Così è successo con le fluttuazioni del prezzo del greggio al barile, governate in tutto e per tutto dai produttori arabo-iraniani, da alcune multinazionali inglesi, francesi e americane e, anche se in condizioni particolari, dal Venezuela. Non vi è mai stata, fino ad ora, una preoccupazione vera riguardo alla salvaguardia dei giacimenti, riguardo il loro esaurimento incontrovertibile, se le voci di chi invoca un loro mantenimento per i posteri continueranno ad essere ignorate. Ed anche in questo caso sono molte le testimonianze di Università, di Centri Studi, addirittura degli stessi organismi mondiali per il lavoro e il Commercio, concordi nell’invitare a fermarsi al più presto o, comunque, a gestire diversamente le restanti risorse.

Per far capire l’entità del problema e, soprattutto, l’incidenza di costi sempre più alti di sfruttamento viene fatto più volte riferimento al Venezuela: in questa nazione sudamericana si trova un ‘ enorme quantità di petrolio nel sottosuolo e nella parte di mar caraibico antistante ma di qualità “heavy” che costringe a due o tre passaggi di raffinazione in più, ovvero ad un costo maggiore del 22 per cento rispetto al petrolio iracheno o saudita. Situazione abbastanza simile a quella che, sempre secondo gli esperti interpellati in trasmissione, ci troveremmo ad affrontare in caso di campagne petrolifere in grande stile nel sud Italia (anche qui “heavy petrol” e costi alle stelle).

 

Cambiare strada, senza aspettare Parigi

 

Entrambe le puntate terminano con una attenzione all’architettura e all’edilizia biocompatibile con soluzioni d’avanguardia e con sistemi, spesso con brevetti italiani, a forte risparmio energetico… Verrebbe da dire, a questo punto… “e allora?” , “cosa aspettiamo a cambiare rotta?”. Due belle domande che sono un po’ il sottofondo di tutta la proposta mercalliana.
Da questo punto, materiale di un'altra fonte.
(* Let $G$ be a finite group and suppose $G$ has a subgroup $H$ admitting a nontrivial homomorphism $\phi: H \to \{\pm 1\}$. Suppose further that there is a set $T$ of representatives of the left cosets of $H$ in $G$ such that $c^2 = 1$ for all $c \in T$. Then there is a function $f: G \to \{\pm 1\}$ with $\mathbb{E}_{x\in G} f(x) = 0$ and \[ \Pr_{x,y}\,[f(x)f(y) = f(xy)] \ge \frac{1}{2}\left(1 + \frac{|H|}{|G|}\right), \] where $x,y$ are chosen uniformly and independently from $G$.
   Context: $\mathbb{E}$ denotes the average over the uniform distribution on $G$. *)

From HB Require Import structures.
From mathcomp Require Import all_boot all_order all_algebra all_fingroup.
Set Implicit Arguments. Unset Strict Implicit. Unset Printing Implicit Defensive.

(* Choose a sign s c for every representative c in T and extend phi to G by
   f (c h) = s c * phi h.  Since f (x h) = f x * phi h and phi takes the value -1,
   f has mean zero.  The agreement probability is (1 + E f x f y f (x y)) / 2, and
   averaged over all choices of signs, f x f y f (x y) survives only when the four
   representatives of H, x H, y H and x y H pair up.  For y in H the product is 1,
   contributing |G| |H|; the other surviving terms are x in H with x ^ y in H, and
   x in d H (d the representative of y) with u ^ d in H, and on each family the
   product is the +-1 character h |-> phi h * phi (h ^ g) of H :&: H :^ g^-1,
   whose sum is nonnegative.  Hence some choice of signs gives
   sum_(x, y) f x f y f (x y) >= |G| |H|. *)

From HB Require Import structures.
From mathcomp Require Import all_boot all_order all_algebra all_fingroup.
From mathcomp Require Import ring lra.
Import GRing.Theory Num.Theory Order.TTheory.
Set Implicit Arguments. Unset Strict Implicit.
Local Open Scope ring_scope.

Section Signs.
Variable R : numDomainType.

Definition is_sign (x : R) := x = 1 \/ x = -1.

Lemma is_signM x y : is_sign x -> is_sign y -> is_sign (x * y).
Proof. by case=> ->; case=> ->; rewrite /is_sign ?mulr1 ?mulrN1 ?opprK; auto. Qed.

Lemma is_sign_mulss x : is_sign x -> x * x = 1.
Proof. by case=> ->; rewrite ?mulr1 ?mulrNN ?mulr1. Qed.

Lemma sumr_sign_reversing_eq0 (I : finType) (P : pred I) (F : I -> R) (p : I -> I) :
  injective p -> (forall i, P (p i) = P i) -> (forall i, P i -> F (p i) = - F i) ->
  \sum_(i | P i) F i = 0.
Proof.
move=> p_inj Pp Fp; apply/eqP.
suff: (\sum_(i | P i) F i) *+ 2 == 0 by rewrite mulrn_eq0.
rewrite mulr2n {1}(reindex_inj p_inj) /= (eq_bigl _ _ Pp) (eq_bigr _ Fp) sumrN.
by rewrite addNr.
Qed.

Lemma sum_sign_morph_ge0 (gT : finGroupType) (K : {group gT}) (psi : gT -> R) :
  {in K, forall x, is_sign (psi x)} ->
  {in K &, {morph psi : x y / (x * y)%g >-> x * y}} ->
  0 <= \sum_(x in K) psi x.
Proof.
move=> psi_sign psiM.
have [/existsP[a /andP[aK /eqP psia]] | psi1] := boolP [exists a in K, psi a == -1].
  rewrite (sumr_sign_reversing_eq0 (p := fun x => (a * x)%g)) //; first exact: mulgI.
    by move=> x; rewrite groupMl.
  by move=> x xK; rewrite psiM // psia mulN1r.
apply: sumr_ge0 => x xK; have [-> // | psix] := psi_sign x xK.
by move/existsPn: psi1 => /(_ x); rewrite xK psix eqxx.
Qed.

End Signs.

Lemma exists_ge_of_sum_ge (R : realDomainType) (I : finType) (i0 : I)
    (F : I -> R) (c : R) :
  \sum_(i : I) c <= \sum_i F i -> exists i, c <= F i.
Proof.
move=> le_sum; apply/existsP; apply: contraLR le_sum => /existsPn F_lt.
rewrite -ltNge; apply: ltr_sum => [|i _]; first by apply/hasP; exists i0.
by rewrite ltNge F_lt.
Qed.

Section RandomSigns.
Variables (R : numDomainType) (T : finType).

Definition rsign (A : {set T}) (c : T) : R := (-1) ^+ (c \in A).

Lemma rsign_sqr A c : rsign A c * rsign A c = 1.
Proof. by rewrite -signr_addb addbb. Qed.

Definition toggle (z : T) (A : {set T}) := if z \in A then A :\ z else z |: A.

Lemma in_toggle z A w : (w \in toggle z A) = (w == z) (+) (w \in A).
Proof.
by rewrite /toggle; case: ifP => zA; rewrite !inE; case: eqP => [->|]; rewrite ?zA.
Qed.

Lemma toggleK z : involutive (toggle z).
Proof. by move=> A; apply/setP => w; rewrite !in_toggle addbA addbb. Qed.

Lemma rsign_toggle z A w : rsign (toggle z A) w = (-1) ^+ (w == z) * rsign A w.
Proof. by rewrite /rsign in_toggle signr_addb. Qed.

Lemma sum_rsign4_eq0 z a b c : z != a -> z != b -> z != c ->
  \sum_(A : {set T}) rsign A z * rsign A a * rsign A b * rsign A c = 0.
Proof.
move=> za zb zc; rewrite (sumr_sign_reversing_eq0 (p := toggle z)) //.
  exact: can_inj (toggleK z).
move=> A _; rewrite !rsign_toggle eqxx !(eq_sym _ z) (negbTE za) (negbTE zb).
by rewrite (negbTE zc) !mul1r !mulN1r !mulNr.
Qed.

Definition paired (a b c d : T) :=
  [|| (a == b) && (c == d), (a == c) && (b == d) | (a == d) && (b == c)].

Lemma sum_rsign4 a b c d :
  \sum_(A : {set T}) rsign A a * rsign A b * rsign A c * rsign A d =
  if paired a b c d then #|{set T}|%:R else 0.
Proof.
have perm4 (p q u v : T) : \sum_(A : {set T}) rsign A p * rsign A q * rsign A u * rsign A v
    = \sum_(A : {set T}) rsign A v * rsign A p * rsign A q * rsign A u.
  by apply: eq_bigr => A _; ring.
case: ifP => [pair_abcd | /negbT].
  rewrite -[RHS]sumr_const; apply: eq_bigr => A _.
  rewrite /rsign -!signr_addb.
  by case/or3P: pair_abcd => /andP[/eqP<- /eqP<-]; case: (a \in A); case: (_ \in A).
(* An unpaired quadruple has a point occurring exactly once. *)
rewrite /paired; have [<- | ab] := eqVneq a b.
  rewrite /= => /norP[cd _]; move: cd; have [-> | ca] := eqVneq c a => cd.
    by rewrite perm4 sum_rsign4_eq0 // eq_sym.
  by rewrite perm4 perm4 sum_rsign4_eq0.
have [<- | ac] := eqVneq a c.
  by rewrite /= => /norP[bd _]; rewrite perm4 perm4 perm4 sum_rsign4_eq0 // eq_sym.
have [<- | ad] := eqVneq a d; last by rewrite sum_rsign4_eq0.
by rewrite /= => bc; rewrite perm4 perm4 perm4 sum_rsign4_eq0 // eq_sym.
Qed.
Variable kappa : R.
Hypothesis kappa_gt0 : 0 < kappa.

Lemma sphere_dist_cos (u v : R3 R) (t : R) :
  on_sphere u -> on_sphere v -> sphere_dist kappa u v = t ->
  dot3 u v = cos (Num.sqrt kappa * t).
Proof.
move=> hu hv <-; rewrite /sphere_dist.
have s0 : 0 < Num.sqrt kappa by rewrite sqrtr_gt0.
rewrite mulrC divfK ?gt_eqF // acosK //.
by have := dot3_bound hu hv; rewrite in_itv /=.
Qed.

(* The midpoint is [(yb + zb) / (2 cos (sqrt kappa * L / 2))], since
   [|yb + zb|^2 = 2 + 2 cos (sqrt kappa * L) = 4 cos^2 (sqrt kappa * L / 2)]. *)
Lemma sphere_midpoint (yb zb : R3 R) (L : R) :
  on_sphere yb -> on_sphere zb -> sphere_dist kappa yb zb = L ->
  Num.sqrt kappa * L < pi ->
  exists qb, cmp_point kappa yb zb L (2^-1 * L) qb /\
    forall w, 2 * cos (Num.sqrt kappa * (2^-1 * L)) * dot3 w qb =
              dot3 w yb + dot3 w zb.
Proof.
move=> uy uz dyz Lpi.
have s0 : 0 < Num.sqrt kappa by rewrite sqrtr_gt0.
have L0 : 0 <= L.
  by rewrite -dyz /sphere_dist divr_ge0 ?acos_ge0 ?dot3_bound // ltW.
set h := cos (Num.sqrt kappa * (2^-1 * L)).
have pi0 := @pi_gt0 R.
have half : 0 <= Num.sqrt kappa * (2^-1 * L) < pi / 2.
  by apply/andP; split; [rewrite mulr_ge0 // mulr_ge0 | lra].
have h0 : 0 < h.
  by apply: cos_gt0_pihalf; case/andP: half => h1 h2; apply/andP; split; lra.
have cosL : dot3 yb zb = 2 * h ^+ 2 - 1.
  rewrite (sphere_dist_cos uy uz dyz).
  have -> : Num.sqrt kappa * L = (Num.sqrt kappa * (2^-1 * L)) *+ 2.
    by rewrite mulr2n; field.
  by rewrite cos_mulr2n mulr_natl.
pose k := (2 * h)^-1.
have k2h : k * (2 * h) = 1 by rewrite mulVf // gt_eqF // mulr_gt0.
exists (scaled_sum3 k yb zb); split; last first.
  by move=> w; rewrite dot3_scaled_sum3 mulrA (mulrC _ k) k2h mul1r.
have uq : on_sphere (scaled_sum3 k yb zb).
  by rewrite /on_sphere dot3_scaled_sum3_self uy uz cosL; nra.
have acosh : acos h = Num.sqrt kappa * (2^-1 * L).
  by rewrite cosK // in_itv /=; case/andP: half => -> /=; lra.
have distq u : dot3 u (scaled_sum3 k yb zb) = h ->
    sphere_dist kappa u (scaled_sum3 k yb zb) = 2^-1 * L.
  by rewrite /sphere_dist => ->; rewrite acosh mulrC mulKf // gt_eqF.
split=> //; split.
  by apply: distq; rewrite dot3_scaled_sum3 uy cosL; nra.
rewrite /sphere_dist dot3C -/(sphere_dist _ _ _) distq; first by field.
by rewrite dot3_scaled_sum3 uz dot3C cosL; nra.
Qed.
(* Let $A$ be a finite skew brace with $(A,+)$ abelian such that $\Theta(A)$ has exactly one vertex. Then $A$ is isomorphic to one of: (1) $\mathbb{Z}/4\mathbb{Z}$ with its usual addition and $x\circ y=x+y+2xy$; (2) $\mathbb{Z}/2\mathbb{Z}\times\mathbb{Z}/2\mathbb{Z}$ with componentwise addition and $(x_1,y_1)\circ(x_2,y_2)=(x_1+x_2+y_1y_2,\,y_1+y_2)$; (3) $\mathbb{Z}/2\mathbb{Z}\times\mathbb{Z}/4\mathbb{Z}$ with componentwise addition and $(x_1,y_1)\circ(x_2,y_2)=\big(x_1+x_2+\varepsilon(y_1)y_2,\,y_1+y_2+2y_1y_2\big)$, where $\varepsilon(y_1)=0$ if $y_1\in\{0,1\}$ and $\varepsilon(y_1)=1$ if $y_1\in\{2,3\}$, and $\varepsilon(y_1)y_2$ is computed in $\mathbb{Z}/2\mathbb{Z}$.
   Context: A skew brace is a triple $(A,+,\circ)$ where $(A,+)$ and $(A,\circ)$ are groups with $a\circ(b+c)=a\circ b-a+a\circ c$. $\lambda_a(b)=-a+a\circ b$; $\theta_{(a,b)}(c)=a+\lambda_b(c)-a$ defines an action of $(A,+)\rtimes_\lambda(A,\circ)$ on $(A,+)$ by automorphisms. $\Theta(A)$ is the graph whose vertices are the $\theta$-orbits of size $>1$, two distinct vertices $L_1,L_2$ adjacent iff $\gcd(|L_1|,|L_2|)\ne1$. *)

From mathcomp Require Import all_boot all_algebra.
Set Implicit Arguments. Unset Strict Implicit. Unset Printing Implicit Defensive.
Import GRing.Theory.
Local Open Scope ring_scope.

(* A skew brace (A,+,o) whose additive group is the (abelian) group of the
   zmodType T; circ is the second operation. *)
Definition is_skew_brace (T : zmodType) (circ : T -> T -> T) : Prop :=
  [/\ associative circ,
      (exists e : T, left_id e circ /\ right_id e circ /\
         forall a : T, exists b : T, circ a b = e /\ circ b a = e)
    & forall a b c : T, circ a (b + c) = circ a b - a + circ a c].

Definition brace_lambda (T : zmodType) (circ : T -> T -> T) (a b : T) : T :=
  - a + circ a b.

Definition brace_theta (T : zmodType) (circ : T -> T -> T) (a b c : T) : T :=
  a + brace_lambda circ b c - a.

Definition theta_orbit (T : finZmodType) (circ : T -> T -> T) (c : T) : {set T} :=
  [set brace_theta circ a b c | a : T, b : T].

Definition Theta_vertices (T : finZmodType) (circ : T -> T -> T) : {set {set T}} :=
  [set theta_orbit circ c | c : T & 1 < #|theta_orbit circ c|]%N.

Definition brace_iso (T U : zmodType) (circ : T -> T -> T) (circU : U -> U -> U)
  (f : T -> U) : Prop :=
  [/\ bijective f, forall x y, f (x + y) = f x + f y
    & forall x y, f (circ x y) = circU (f x) (f y)].

Definition circ1 (x y : 'Z_4) : 'Z_4 := x + y + 2 * x * y.

Definition circ2 (p q : 'Z_2 * 'Z_2) : 'Z_2 * 'Z_2 :=
  (p.1 + q.1 + p.2 * q.2, p.2 + q.2).

Definition eps_mul (y1 y2 : 'Z_4) : 'Z_2 :=
  if (val y1 < 2)%N then 0 else (val y2)%:R.

Definition circ3 (p q : 'Z_2 * 'Z_4) : 'Z_2 * 'Z_4 :=
  (p.1 + q.1 + eps_mul p.2 q.2, p.2 + q.2 + 2 * p.2 * q.2).

From mathcomp Require Import all_boot all_algebra.
Set Implicit Arguments. Unset Strict Implicit. Unset Printing Implicit Defensive.
Import GRing.Theory.
Local Open Scope ring_scope.

(* Since (A, +) is abelian, theta-orbits are just orbits of the action
   lambda of (A, o) on (A, +) by automorphisms, so the hypothesis says that
   lambda has exactly one nontrivial orbit O = orbit x; its complement is the
   subgroup Fix of lambda-fixed points.  By orbit-stabilizer #|O| divides
   #|A|, hence #|Fix|; as the translate x + Fix lies in O, we get O = x + Fix.
   Writing delta a := lambda_a(x) - x, each lambda_a translates O by delta a,
   so that a o b = a + b + [b \notin Fix] delta a, and delta is a morphism
   from (A, o) onto Fix.  It follows that Fix has exponent 2 and that delta
   maps Fix into {0, delta (delta x)}.  If delta vanishes on Fix, then
   Fix = {0, delta x} and A is the brace (2) or (1) according to x + x = 0 or
   x + x = delta x.  Otherwise we may choose x with delta x = x + x, and A is
   the brace (3), with Z/2 generated by delta (x + x) and Z/4 by x. *)

Lemma mulrn_modn (V : zmodType) (v : V) n m : v *+ n = 0 -> v *+ (m %% n) = v *+ m.
Proof. by move=> vn0; rewrite {2}(divn_eq m n) mulrnDr mulnC mulrnA vn0 mul0rn add0r. Qed.

Lemma natmul_ZpD (V : zmodType) (v : V) n (i j : 'Z_n) :
  (1 < n)%N -> v *+ n = 0 -> v *+ val (i + j) = v *+ val i + v *+ val j.
Proof. by move=> n_gt1 vn0; rewrite [val _]/= mulrn_modn ?Zp_cast // mulrnDr. Qed.

Lemma additive_inj (U V : zmodType) (g : U -> V) :
  {morph g : p q / p + q} -> (forall p, g p = 0 -> p = 0) -> injective g.
Proof.
move=> gD g_ker p q gpq; apply/eqP; rewrite -subr_eq0; apply/eqP/g_ker.
by apply: (@addIr _ (g q)); rewrite -gD subrK add0r.
Qed.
E qui torniamo alle perplessità iniziali. I dati ci sono, le situazioni a rischio le conosciamo e le abbiamo sviscerate praticamente in tutte le forme, sappiamo che c’è un forte interesse del mondo economico e finanziario teso al mantenimento dello statu quo, sappiamo anche che se messi di fronte a chiari vantaggi (“si spende meno”, “mi ammalo di meno”, “contribuisco a mantenere un ambiente migliore”, “posso trasformare queste emergenze in lavoro nuovo e utile”, “ci possono essere occasioni di lavoro per i nostri figli”) tutta la popolazione, ma proprio tutta, non avrebbe problemi ad abbandonare ciò che sente comunque “non perfettamente in regola” avviandosì in tal modo verso una società della sostenibilità … Solo che questo oggi non avviene.

Le diminuzioni previste dal “Protocollo di Kyoto” non ci sono state, se non in termini di minori aumenti (ma sempre aumenti) dei parametri presi in considerazione, probabilmente una situazione simile si verrà a porre al prossimo summit internazionale di Parigi (di cui ben pochi sapranno qualcosa, così come è successo per i recenti appuntamenti in Danimarca e in Brasile): Parigi dicembre 2015. Il titolo è ambizioso e altisonante: “Conferenza Mondiale delle Nazioni Unite sull’Effetto Serra” l’esito scontato, a meno che i 194 Paesi che hanno assicurato la partecipazione (questa volta veramente tutti i principali produttori di inquinamento come pure tutti i “sofferenti” per la pressione altrui) si divertano una volta di più sull’orlo del precipizio…

Aggiornamenti seguiranno dopo il quarto e il sesto appuntamento del sabato, a questo punto più appassionante di una finale mondiale di calcio.